We’ve probably all heard the story of Edith Isabel Rodriguez, who died in a Los Angeles emergency room after being refused treatment. Concerned people on the scene called 911, and were told there was nothing cops or paramedics can do, since she was already in a hospital. Hospital personnel stepped over her while she was on the floor, writhing in pain. A janitor mopped around her, to clean up the blood which came from her body. Concerned individuals who tried to bring the woman’s condition to the attention of hospital personnel were told that it was not blood coming from her mouth, but chocolate.
The woman, unfortunately, died.
The part of this story being left out of most news accounts, however, is that the hospital called the cops to have her removed from the premises.

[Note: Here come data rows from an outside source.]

(* As f is multilinear, the span V of f(A) is a subspace stable under every
   algebra automorphism and every derivation of A commuting with *: applied to
   f(a_1, ..., a_k) they give f(phi a_1, ..., phi a_k), resp. the sum over i of
   the values of f with a_i replaced by d a_i, and these substitutions keep the
   symmetry type of each argument.
   The symplectic involution is the adjugate, so all inner automorphisms and
   all ad u with u* = -u qualify. Conjugation by U2 = 1 + E12 and ad E12 extract
   E12 from any non-scalar element of V, after which V contains sl_2 = K; hence
   V is 0, Z, K or A.
   For the transpose over an ordered field, conjugation by H2 = diag(1, -1) and
   ad J2 (J2 the rotation by a right angle) separate the components Z, K and
   S0 = [S, K] (traceless symmetric matrices), and ad J2 rotates S0; hence V is
   a sum of some of these three components, and the eight such sums are the
   eight spaces of the list. *)

Notation i0 := (@ord0 1).
Notation i1 := (@ord_max 1).

Lemma ord2_ind (P : 'I_2 -> Prop) : P i0 -> P i1 -> forall i, P i.
Proof. by move=> P0 P1 [[|[|m]] Hm] //; [move: P0 | move: P1]; congr P; apply: val_inj. Qed.

Section Mx2.
Variable R : pzRingType.
Local Notation M := 'M[R]_2.

Definition mx2 (a b c d : R) : M :=
  \matrix_(i, j) if i == i0 then (if j == i0 then a else b) else (if j == i0 then c else d).

Ltac by_entries := apply/matrixP; do 2 elim/ord2_ind; by rewrite !mxE.

Lemma mx2_eta (x : M) : x = mx2 (x i0 i0) (x i0 i1) (x i1 i0) (x i1 i1).
Proof. by_entries. Qed.

Lemma mx2_00 a b c d : mx2 a b c d i0 i0 = a. Proof. by rewrite mxE. Qed.
Lemma mx2_01 a b c d : mx2 a b c d i0 i1 = b. Proof. by rewrite mxE. Qed.
Lemma mx2_10 a b c d : mx2 a b c d i1 i0 = c. Proof. by rewrite mxE. Qed.
Lemma mx2_11 a b c d : mx2 a b c d i1 i1 = d. Proof. by rewrite mxE. Qed.

Lemma mx2_inj a b c d a' b' c' d' :
  mx2 a b c d = mx2 a' b' c' d' -> [/\ a = a', b = b', c = c' & d = d'].
Proof.
move=> E; have e (i j : 'I_2) : mx2 a b c d i j = mx2 a' b' c' d' i j by rewrite E.
by move: (e i0 i0) (e i0 i1) (e i1 i0) (e i1 i1); rewrite !mxE.
Qed.

Lemma mx2_add a b c d a' b' c' d' :
  mx2 a b c d + mx2 a' b' c' d' = mx2 (a + a') (b + b') (c + c') (d + d').
Proof. by_entries. Qed.

Lemma mx2_opp a b c d : - mx2 a b c d = mx2 (- a) (- b) (- c) (- d).
Proof. by_entries. Qed.

Lemma mx2_scale k a b c d : k *: mx2 a b c d = mx2 (k * a) (k * b) (k * c) (k * d).
Proof. by_entries. Qed.
(* Fix $\Delta>1$ and a known upper bound $D$ on the sparsity. Let $M\in\mathbb{F}^{m\times n}$ be a matrix such that there exists a (deterministic) decoder which, from observing only $\mathbf{b}=M\odot\mathbf{x}$, produces a $\Delta$-approximation $\hat d$ of $d=\|\mathbf{x}\|_0$ for any $\mathbf{x}\in\mathbb{F}^n$ with $d\le D$. Then for any two vectors $\mathbf{v}_1,\mathbf{v}_2\in\mathbb{F}^n$ with $\|\mathbf{v}_2\|_0\le\|\mathbf{v}_1\|_0\le D$, $M$ must have the property $$\frac{\|\mathbf{v}_1\|_0}{\|\mathbf{v}_2\|_0}>\Delta^2\ \Longrightarrow\ M\odot\mathbf{v}_1\neq M\odot\mathbf{v}_2.$$ Conversely, for any matrix $M$ satisfying this property, there exists a decoder producing from $\mathbf{b}=M\odot\mathbf{x}$ an estimate $\hat d$ satisfying $\frac{1}{\Delta}\le\frac{\hat d}{d}\le\Delta$.
   Context: $\|\mathbf{x}\|_0$ denotes the number of nonzero entries (sparsity) of $\mathbf{x}$. The measurement operation $\odot$ is one of: (i) $\mathbb{F}=\mathbb{F}_2$ and $\odot$ is logical OR, i.e. $(M\odot\mathbf{x})_i=\bigvee_{j:M_{ij}=1}\mathbf{x}_j$ (group testing); or (ii) $\mathbb{F}$ is a finite field or $\mathbb{R}$ and $M\odot\mathbf{x}$ is the ordinary matrix-vector product over $\mathbb{F}$. A decoder is a deterministic function of the observed vector $\mathbf{b}$; an estimate $\hat d$ is a $\Delta$-approximation of $d$ if $\frac{1}{\Delta}\le \frac{\hat d}{d}\le\Delta$. *)

From HB Require Import structures.
From mathcomp Require Import all_boot all_order all_algebra.
Set Implicit Arguments. Unset Strict Implicit. Unset Printing Implicit Defensive.
Import Order.TTheory GRing.Theory Num.Theory.
Local Open Scope ring_scope.

Definition spars (T : eqType) (z : T) (n : nat) (x : 'cV[T]_n) : nat :=
  #|[pred j : 'I_n | x j 0 != z]|.

(* Group testing measurement: (M (.) x)_i = OR_{j : M_ij = 1} x_j over F_2 = bool. *)
Definition or_mul (m n : nat) (M : 'M[bool]_(m, n)) (x : 'cV[bool]_n) : 'cV[bool]_m :=
  \col_i [exists j, M i j && x j 0].

(* dhat is a Delta-approximation of d: 1/Delta <= dhat/d <= Delta,
   cross-multiplied (d > 0 and Delta > 0), so that for d = 0 it forces dhat = 0. *)
Definition approx (R : realFieldType) (Delta : R) (d : nat) (dhat : R) : Prop :=
  d%:R / Delta <= dhat /\ dhat <= Delta * d%:R.

Definition decodable (T : eqType) (z : T) (m n : nat)
    (meas : 'cV[T]_n -> 'cV[T]_m) (R : realFieldType) (Delta : R) (D : nat) : Prop :=
  exists dec : 'cV[T]_m -> R,
    forall x : 'cV[T]_n, (spars z x <= D)%N -> approx Delta (spars z x) (dec (meas x)).

(* The separation property: for ||v2||_0 <= ||v1||_0 <= D,
   ||v1||_0 / ||v2||_0 > Delta^2  ==>  M (.) v1 <> M (.) v2
   (ratio cross-multiplied: ||v1||_0 > Delta^2 * ||v2||_0). *)
Definition separating (T : eqType) (z : T) (m n : nat)
    (meas : 'cV[T]_n -> 'cV[T]_m) (R : realFieldType) (Delta : R) (D : nat) : Prop :=
  forall v1 v2 : 'cV[T]_n,
    (spars z v2 <= spars z v1)%N -> (spars z v1 <= D)%N ->
    Delta ^+ 2 * (spars z v2)%:R < (spars z v1)%:R ->
    meas v1 <> meas v2.

(* Both directions rest on one inequality. If a single estimate e is a
   Delta-approximation of both d1 and d2, then d1 / Delta <= e <= Delta d2,
   so d1 <= Delta^2 d2: a decoder therefore separates any two vectors whose
   sparsities differ by a factor above Delta^2. Conversely, if M separates
   such vectors, the decoder returning Delta times the least sparsity k of a
   preimage of b works, since k <= ||x||_0 <= Delta^2 k for every x with
   M (.) x = b. Nothing about the measurement map is used, so the theorem holds
   for the linear and the group-testing measurements alike. *)
From HB Require Import structures.
From mathcomp Require Import all_boot all_order all_algebra.
From mathcomp Require Import boolp.
Set Implicit Arguments. Unset Strict Implicit. Unset Printing Implicit Defensive.
Import Order.TTheory GRing.Theory Num.Theory.
Local Open Scope ring_scope.

Section Approximation.

Variables (R : realFieldType) (Delta : R).
Hypothesis Delta_gt0 : 0 < Delta.

Lemma approx_common_le (d1 d2 : nat) (e : R) :
  approx Delta d1 e -> approx Delta d2 e -> d1%:R <= Delta ^+ 2 * d2%:R.
Proof.
move=> [d1_le _] [_ le_d2]; have := le_trans d1_le le_d2.
by rewrite ler_pdivrMr // mulrAC -expr2.
Qed.

Lemma approx_scaled (d k : nat) :
  (k <= d)%N -> d%:R <= Delta ^+ 2 * k%:R -> approx Delta d (Delta * k%:R).
Proof.
move=> le_kd le_d; split; first by rewrite ler_pdivrMr // mulrAC -expr2.
by rewrite ler_pM2l // ler_nat.
Qed.

End Approximation.

Section Decoding.

Variables (T : eqType) (z : T) (m n : nat) (meas : 'cV[T]_n -> 'cV[T]_m).

Definition least_preimage_spars (b : 'cV[T]_m) : nat :=
  let has_preimage k := `[< exists x, meas x = b /\ spars z x = k >] in
  match pselect (exists k, has_preimage k) with
  | left ex_k => ex_minn ex_k
  | right _ => 0
  end.

Lemma least_preimage_sparsP (x : 'cV[T]_n) :
  exists2 v, meas v = meas x &
    spars z v = least_preimage_spars (meas x) /\ (spars z v <= spars z x)%N.
Proof.
rewrite /least_preimage_spars; case: pselect => [ex_k | no_k]; last first.
  by case: no_k; exists (spars z x); apply/asboolP; exists x.
case: ex_minnP => k /asboolP [v [meas_v <-]] k_min.
by exists v => //; split => //; apply/k_min/asboolP; exists x.
Qed.

Variables (R : realFieldType) (Delta : R) (D : nat).
Hypothesis Delta_gt0 : 0 < Delta.

Lemma decodable_separating :
  decodable z meas Delta D -> separating z meas Delta D.
Proof.
move=> [dec dec_approx] v1 v2 le21 le1D + meas_eq; apply/negP; rewrite -leNgt.
have le2D : (spars z v2 <= D)%N := leq_trans le21 le1D.
apply: (approx_common_le Delta_gt0 (dec_approx v1 le1D)).
by rewrite meas_eq; apply: dec_approx.
Qed.

Lemma separating_decodable :
  separating z meas Delta D -> decodable z meas Delta D.
Proof.
move=> sep; exists (fun b => Delta * (least_preimage_spars b)%:R) => x le_xD.
have [v meas_v [<- le_vx]] := least_preimage_sparsP x.
apply: approx_scaled => //; rewrite leNgt; apply/negP => lt_xv.
exact: sep x v le_vx le_xD lt_xv (esym meas_v).
Qed.

End Decoding.

Theorem theorem1 (R : realFieldType) (Delta : R) (D : nat) (hDelta : 1 < Delta) :
  (* case (ii): F a field, ordinary matrix-vector product *)
  (forall (F : fieldType) (m n : nat) (M : 'M[F]_(m, n)),
      (decodable 0 (mulmx M) Delta D -> separating 0 (mulmx M) Delta D) /\
      (separating 0 (mulmx M) Delta D -> decodable 0 (mulmx M) Delta D)) /\
  (* case (i): group testing over F_2 = bool with logical OR *)
  (forall (m n : nat) (M : 'M[bool]_(m, n)),
      (decodable false (or_mul M) Delta D -> separating false (or_mul M) Delta D) /\
      (separating false (or_mul M) Delta D -> decodable false (or_mul M) Delta D)).
Proof.
have Delta_gt0 : 0 < Delta := lt_trans ltr01 hDelta.
by split=> [F m n M | m n M];
  (split; [exact: decodable_separating | exact: separating_decodable]).
Qed.
Lemma vdot_sqr_le n (x y : 'rV[R]_n) : vdot x y ^+ 2 <= sqnorm x * sqnorm y.
Proof.
have [->|y0] := eqVneq y 0.
  by rewrite /vdot big1 => [|i _]; rewrite ?mxE ?mulr0 // expr0n /= mulr_ge0 ?sqnorm_ge0.
have gy : 0 < sqnorm y by rewrite sqnorm_gt0.
have := sqnorm_ge0 (x + (- (vdot x y / sqnorm y)) *: y).
rewrite sqnormDZ.
have -> : sqnorm x + 2 * - (vdot x y / sqnorm y) * vdot x y
    + (- (vdot x y / sqnorm y)) ^+ 2 * sqnorm y = sqnorm x - vdot x y ^+ 2 / sqnorm y.
  by field; rewrite gt_eqF.
by rewrite subr_ge0 ler_pdivrMr.
Qed.

Lemma sqnorm_mulmx_orthogonal n (x : 'rV[R]_n) (W : 'M[R]_n) :
  W *m W^T = 1%:M -> sqnorm (x *m W) = sqnorm x.
Proof. by move=> WWt; rewrite /sqnorm !vdotE trmx_mul mulmxA -(mulmxA x) WWt mulmx1. Qed.

Lemma sqnorm_mul_diag n (x d : 'rV[R]_n) :
  sqnorm (x *m diag_mx d) = \sum_i x 0 i ^+ 2 * d 0 i ^+ 2.
Proof. by apply: eq_bigr => i _; rewrite mul_mx_diag mxE; ring. Qed.

Lemma sqnorm_row_mx m n (x : 'rV[R]_m) (y : 'rV[R]_n) :
  sqnorm (row_mx x y) = sqnorm x + sqnorm y.
Proof.
rewrite /sqnorm /vdot big_split_ord /=.
by congr (_ + _); apply: eq_bigr => i _; rewrite (row_mxEl, row_mxEr).
Qed.

Definition normalize n (x : 'rV[R]_n) := (Num.sqrt (sqnorm x))^-1 *: x.

Lemma sqnorm_normalize n (x : 'rV[R]_n) : x != 0 -> sqnorm (normalize x) = 1.
Proof.
rewrite -sqnorm_gt0 => gx.
by rewrite sqnormZ exprVn sqr_sqrtr ?ltW // mulVf ?gt_eqF.
Qed.

Lemma frob_ge0 m n (M : 'M[R]_(m, n)) : 0 <= frob M.
Proof. by apply: sumr_ge0 => i _; exact: sqnorm_ge0. Qed.

Lemma frob_eq0 m n (M : 'M[R]_(m, n)) : (frob M == 0) = (M == 0).
Proof.
rewrite psumr_eq0; last by move=> i _; exact: sqnorm_ge0.
apply/allP/eqP => [M0|-> i _]; last by rewrite /= row0 sqnorm_eq0.
apply/row_matrixP => i; rewrite row0; apply/eqP.
by rewrite -sqnorm_eq0; exact: M0 (mem_index_enum _).
Qed.

Lemma frob_gt0 m n (M : 'M[R]_(m, n)) : (0 < frob M) = (M != 0).
Proof. by rewrite lt_def frob_eq0 frob_ge0 andbT. Qed.

Lemma frobZ m n a (M : 'M[R]_(m, n)) : frob (a *: M) = a ^+ 2 * frob M.
Proof.
rewrite mulr_sumr; apply: eq_bigr => i _; rewrite -sqnormZ.
by congr sqnorm; apply/rowP => j; rewrite !mxE.
Qed.

Lemma frob_normalize m n (M : 'M[R]_(m, n)) :
  M != 0 -> frob ((Num.sqrt (frob M))^-1 *: M) = 1.
Proof.
rewrite -frob_gt0 => gM.
by rewrite frobZ exprVn sqr_sqrtr ?ltW // mulVf ?gt_eqF.
Qed.

Lemma sqnorm_mxvec m n (M : 'M[R]_(m, n)) : sqnorm (mxvec M) = frob M.
Proof.
transitivity (\sum_p M p.1 p.2 ^+ 2).
  rewrite sqnormE (reindex _ (curry_mxvec_bij m n)) /=.
  by apply: eq_bigr => -[i j] _; rewrite mxvecE.
rewrite -(pair_bigA _ (fun i j => M i j ^+ 2)); apply: eq_bigr => i _.
by apply: eq_bigr => j _; rewrite mxE expr2.
Qed.

Lemma frob_trmx m n (M : 'M[R]_(m, n)) : frob M^T = frob M.
Proof.
rewrite /frob (eq_bigr (fun j => \sum_i M i j ^+ 2)) => [|j _]; last first.
  by apply: eq_bigr => i _; rewrite !mxE expr2.
rewrite exchange_big; apply: eq_bigr => i _.
by apply: eq_bigr => j _; rewrite mxE expr2.
Qed.

Lemma sqnorm_mul_le_frob m n (x : 'rV[R]_n) (M : 'M[R]_(m, n)) :
  sqnorm (x *m M^T) <= frob M * sqnorm x.
Proof.
rewrite sqnormE mulr_suml; apply: ler_sum => i _.
have -> : (x *m M^T) 0 i = vdot (row i M) x.
  by rewrite vdotC mxE; apply: eq_bigr => j _; rewrite !mxE.
exact: vdot_sqr_le.
Qed.

Lemma frob_colsE n (M : 'M[R]_n) : frob M = \sum_j sqnorm (delta_mx 0 j *m M^T).
Proof. by rewrite -frob_trmx; apply: eq_bigr => j _; rewrite rowE. Qed.

End RowVectorGeometry.

Section RayleighQuotient.
Variables (R : realType) (n : nat).

Lemma linear_le_quadratic_eq0 (b k : R) : (forall t, 2 * t * b <= t ^+ 2 * k) -> b = 0.
Proof.
move=> H; apply/eqP/negPn/negP => b0.
have e0 : 0 < `|k| + 1 by have := normr_ge0 k; lra.
have t0 : 0 < (b / (`|k| + 1)) ^+ 2.
  by rewrite lt_def sqr_ge0 sqrf_eq0 andbT mulf_neq0 // invr_eq0 gt_eqF.
have := H (b / (`|k| + 1)).
have -> : 2 * (b / (`|k| + 1)) * b = (b / (`|k| + 1)) ^+ 2 * (2 * (`|k| + 1)).
  by field; rewrite gt_eqF.
by rewrite ler_pM2l //; have := ler_norm k; lra.
Qed.

Lemma orthogonal_comb_neq0 (v w : 'rV[R]_n) t :
  sqnorm v = 1 -> vdot v w = 0 -> v + t *: w != 0.
Proof.
move=> v1 vw; rewrite -sqnorm_gt0 sqnormDZ v1 vw.
by have := sqnorm_ge0 w; have := sqr_ge0 t; nra.
Qed.

Lemma rayleigh_max_orthogonal p (N : 'M[R]_(n, p)) (v w : 'rV[R]_n) :
  sqnorm v = 1 -> vdot v w = 0 ->
  (forall t, sqnorm (normalize (v + t *: w) *m N) <= sqnorm (v *m N)) ->
  vdot (v *m N) (w *m N) = 0.
Proof.
move=> v1 vw vmax; apply: (@linear_le_quadratic_eq0 _
  (sqnorm (v *m N) * sqnorm w - sqnorm (w *m N))) => t.
have vw_neq0 := orthogonal_comb_neq0 t v1 vw.
have := vmax t; rewrite /normalize -scalemxAl sqnormZ exprVn.
rewrite sqr_sqrtr ?sqnorm_ge0 // mulrC ler_pdivrMr ?sqnorm_gt0 //.
by rewrite mulmxDl -scalemxAl !sqnormDZ v1 vw; lra.
Qed.

End RayleighQuotient.

Section ContinuityCompactness.
Variable R : realType.
Local Open Scope classical_set_scope.

Lemma continuous_sum (T : topologicalType) n (F : 'I_n -> T -> R) :
  (forall i, continuous (F i)) -> continuous (fun x => \sum_i F i x).
Proof.
elim: n F => [|n IH] F cF.
  by under eq_fun do rewrite big_ord0; exact: cst_continuous.
under eq_fun do rewrite big_ord_recr /=.
move=> x; apply: continuousD; last exact: cF.
exact: (IH (fun i => F (widen_ord (leqnSn n) i))).
Qed.

Definition entrywise_continuous (T : topologicalType) m n (F : T -> 'M[R]_(m, n)) :=
  forall i j, continuous (fun x => F x i j).

Lemma entrywise_continuous_cst (T : topologicalType) m n (M : 'M[R]_(m, n)) :
  entrywise_continuous (fun _ : T => M).
Proof. by move=> i j; exact: cst_continuous. Qed.

Lemma entrywise_continuous_id m n : entrywise_continuous (fun x : 'M[R]_(m, n) => x).
Proof. by move=> i j; exact: coord_continuous. Qed.

Lemma entrywise_continuous_mul (T : topologicalType) m n p
    (F : T -> 'M[R]_(m, n)) (G : T -> 'M[R]_(n, p)) :
  entrywise_continuous F -> entrywise_continuous G ->
  entrywise_continuous (fun x => F x *m G x).
Proof.
move=> cF cG i j; under eq_fun do rewrite mxE.
by apply: continuous_sum => k x; apply: continuousM; [exact: cF | exact: cG].
Qed.

Lemma entrywise_continuous_vec_lsubmx m n p q :
  entrywise_continuous (fun x : 'rV[R]_(m * n + p * q) => vec_mx (lsubmx x)).
Proof. by move=> i j; under eq_fun do rewrite !mxE; exact: coord_continuous. Qed.

Lemma entrywise_continuous_vec_rsubmx m n p q :
  entrywise_continuous (fun x : 'rV[R]_(m * n + p * q) => vec_mx (rsubmx x)).
Proof. by move=> i j; under eq_fun do rewrite !mxE; exact: coord_continuous. Qed.

Lemma continuous_sqnorm (T : topologicalType) n (F : T -> 'rV[R]_n) :
  entrywise_continuous F -> continuous (fun x => sqnorm (F x)).
Proof. by move=> cF; apply: continuous_sum => i x; apply: continuousM; exact: cF. Qed.

Lemma continuous_frob (T : topologicalType) m n (F : T -> 'M[R]_(m, n)) :
  entrywise_continuous F -> continuous (fun x => frob (F x)).
Proof.
move=> cF; apply: continuous_sum => i; apply: continuous_sqnorm => k j.
by under eq_fun do rewrite mxE; exact: cF.
Qed.

Lemma continuous_vdotl n (y : 'rV[R]_n) : continuous (fun x => vdot x y).
Proof.
apply: continuous_sum => i x.
by apply: continuousM; [exact: coord_continuous | exact: cst_continuous].
Qed.

Lemma closed_eq_continuous (T : topologicalType) (f : T -> R) a :
  continuous f -> closed [set x | f x = a].
Proof.
move=> cf; rewrite -[X in closed X]/(f @^-1` [set y | y = a]).
by apply: preimage_closed (fun x _ => cf x) _; exact: closed_eq.
Qed.

Lemma open_gt_continuous (T : topologicalType) (f : T -> R) a :
  continuous f -> open [set x | a < f x].
Proof.
move=> cf; rewrite -[X in open X]/(f @^-1` [set y | a < y]).
by apply: open_comp (fun x _ => cf x) _; exact: open_gt.
Qed.

Lemma compact_sqnorm_bounded n (K : set 'rV[R]_n) r :
  closed K -> (forall x, K x -> sqnorm x <= r) -> compact K.
Proof.
move=> cK Kr.
have cbox := @rV_compact R n (fun=> `[- (r + 1), r + 1]%classic)
  (fun=> @segment_compact R _ _).
apply: subclosed_compact cK cbox _ => x Kx i /=.
have := le_trans (sqr_coord_le_sqnorm x i) (Kr x Kx).
by rewrite in_itv /= => h; apply/andP; split; nra.
Qed.

Lemma compact_argmax (T : topologicalType) (K : set T) (f : T -> R) :
  K !=set0 -> compact K -> continuous f ->
  exists2 c, K c & forall t, K t -> f t <= f c.
Proof.
move=> K0 cK cf; have [c Kc cmax] := compact_EVT_max K0 cK (continuous_subspaceT cf).
by exists c; [rewrite inE in Kc | move=> t Kt; apply: cmax; rewrite inE].
Qed.

End ContinuityCompactness.

Section Dimension3.
Variable R : realType.
Implicit Types (x y v w : 'rV[R]_3).

Definition i0 : 'I_3 := @Ordinal 3 0 isT.
Definition i1 : 'I_3 := @Ordinal 3 1 isT.
Definition i2 : 'I_3 := @Ordinal 3 2 isT.

Lemma ord3P (i : 'I_3) : [\/ i = i0, i = i1 | i = i2].
Proof.
by case: i => [[|[|[|//]]] ?]; [constructor 1|constructor 2|constructor 3]; exact: val_inj.
Qed.

Lemma sum3 (F : 'I_3 -> R) : \sum_(i < 3) F i = F i0 + F i1 + F i2.
Proof.
rewrite !big_ord_recr big_ord0 /= add0r.
by congr (F _ + F _ + F _); apply: val_inj.
Qed.

Lemma prod3 (F : 'I_3 -> R) : \prod_(i < 3) F i = F i0 * F i1 * F i2.
Proof.
rewrite !big_ord_recr big_ord0 /= mul1r.
by congr (F _ * F _ * F _); apply: val_inj.
Qed.

Lemma vdot3 x y : vdot x y = x 0 i0 * y 0 i0 + x 0 i1 * y 0 i1 + x 0 i2 * y 0 i2.
Proof. exact: sum3. Qed.

Definition cross x y : 'rV[R]_3 :=
  \row_(i < 3) [:: x 0 i1 * y 0 i2 - x 0 i2 * y 0 i1;
                  x 0 i2 * y 0 i0 - x 0 i0 * y 0 i2;
                  x 0 i0 * y 0 i1 - x 0 i1 * y 0 i0]`_i.

Lemma vdot_crossl x y : vdot (cross x y) x = 0.
Proof. by rewrite vdot3 !mxE /=; ring. Qed.

Lemma vdot_crossr x y : vdot (cross x y) y = 0.
Proof. by rewrite vdot3 !mxE /=; ring. Qed.

Lemma sqnorm_cross x y : sqnorm (cross x y) = sqnorm x * sqnorm y - vdot x y ^+ 2.
Proof. by rewrite /sqnorm !vdot3 !mxE /=; ring. Qed.

Lemma exists_unit_orthogonal v : v != 0 -> exists w, sqnorm w = 1 /\ vdot w v = 0.
Proof.
move=> v0.
have sum_cross : \sum_k sqnorm (cross v (delta_mx 0 k)) = 2 * sqnorm v.
  by rewrite sum3 /sqnorm !vdot3 !mxE /=; ring.
have : \sum_k sqnorm (cross v (delta_mx 0 k)) != 0.
  by rewrite sum_cross gt_eqF // mulr_gt0 // sqnorm_gt0.
rewrite psumr_neq0 => [/hasP [k _ /andP [_ k0]]|k _]; last exact: sqnorm_ge0.
exists (normalize (cross v (delta_mx 0 k))).
by rewrite vdotZl vdot_crossl mulr0 sqnorm_normalize // -sqnorm_gt0.
Qed.

End Dimension3.

Section Diagonalization.
Variable R : realType.
Local Open Scope classical_set_scope.
Implicit Types (x y v w : 'rV[R]_3) (N : 'M[R]_3).

Lemma orthonormal_triple_diagonalizing N : exists v1 v2 v3 : 'rV[R]_3,
  [/\ [/\ sqnorm v1 = 1, sqnorm v2 = 1 & sqnorm v3 = 1],
      [/\ vdot v1 v2 = 0, vdot v1 v3 = 0 & vdot v2 v3 = 0],
      [/\ vdot (v1 *m N) (v2 *m N) = 0, vdot (v1 *m N) (v3 *m N) = 0
        & vdot (v2 *m N) (v3 *m N) = 0] &
      sqnorm (v2 *m N) <= sqnorm (v1 *m N) /\ sqnorm (v3 *m N) <= sqnorm (v2 *m N)].
Proof.
have cF : continuous (fun x : 'rV[R]_3 => sqnorm (x *m N)).
  exact/continuous_sqnorm/entrywise_continuous_mul/entrywise_continuous_cst/entrywise_continuous_id.
pose S1 := [set x : 'rV[R]_3 | sqnorm x = 1].
have cS1 : closed S1.
  exact/closed_eq_continuous/continuous_sqnorm/entrywise_continuous_id.
have S1_normalize v w t : sqnorm v = 1 -> vdot v w = 0 -> S1 (normalize (v + t *: w)).
  by move=> v1 vw; apply: sqnorm_normalize; exact: orthogonal_comb_neq0.
have S1e : S1 (delta_mx 0 i0) by exact: sqnorm_delta.
have S1le x : S1 x -> sqnorm x <= 1 by move=> ->.
have [v1 S1v1 v1max] :=
  compact_argmax (ex_intro _ _ S1e) (compact_sqnorm_bounded cS1 S1le) cF.
pose S2 := S1 `&` [set x | vdot x v1 = 0].
have cS2 : closed S2.
  by apply: closedI cS1 _; apply: closed_eq_continuous; exact: continuous_vdotl.
have [w [w1 wv1]] : exists w, sqnorm w = 1 /\ vdot w v1 = 0.
  by apply: exists_unit_orthogonal; rewrite -sqnorm_gt0 S1v1.
have S2le x : S2 x -> sqnorm x <= 1 by case=> ->.
have [v2 [S1v2 v2v1] v2max] := compact_argmax (ex_intro _ w (conj w1 wv1))
  (compact_sqnorm_bounded cS2 S2le) cF.
pose v3 := cross v1 v2.
have v1v2 : vdot v1 v2 = 0 by rewrite vdotC.
have v1v3 : vdot v1 v3 = 0 by rewrite vdotC vdot_crossl.
have v2v3 : vdot v2 v3 = 0 by rewrite vdotC vdot_crossr.
have S1v3 : sqnorm v3 = 1 by rewrite sqnorm_cross S1v1 S1v2 v1v2 expr0n /= subr0 mul1r.
exists v1, v2, v3; split=> //; split.
- by apply: rayleigh_max_orthogonal => // t; exact/v1max/S1_normalize.
- by apply: rayleigh_max_orthogonal => // t; exact/v1max/S1_normalize.
- apply: rayleigh_max_orthogonal => // t; apply: v2max; split; first exact: S1_normalize.
  by rewrite /= vdotZl vdotDl vdotZl v2v1 (vdotC v3) v1v3 !mulr0 addr0 mulr0.
- exact: v1max.
- by apply: v2max; split; rewrite //= vdotC.
Qed.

When cops arrived, they picked her up off the floor, blood coming from her mouth, and arrested her for a probation violation.
What the hell?
Cops were transporting her to jail when her heart stopped. They returned her to the hospital, but by then it was too late, and she died. She had suffered a perforated bowel sometime within 24 hours after arriving at the hospital. Had she been seen when she had first arrived at the hospital hours before, she probably would have survived.
The problem here lies not just with the hospital, but with the cops. The cops should have demanded that she be seen before they transported her. After all, it’s not rocket science that somone is probably dying when they’re in that kind of condition.
A number of hospital employees have been fired and reported to licensing authorities, and the state has taken steps to close down the hospital since she’s not the only person who appeared there deathly ill and was refused treatment. A murder investigation has also been opened.
As far as I can tell, though, no action has been taken against the cops on the scene, despite their undeniable responsibility to intervene on the woman’s behalf.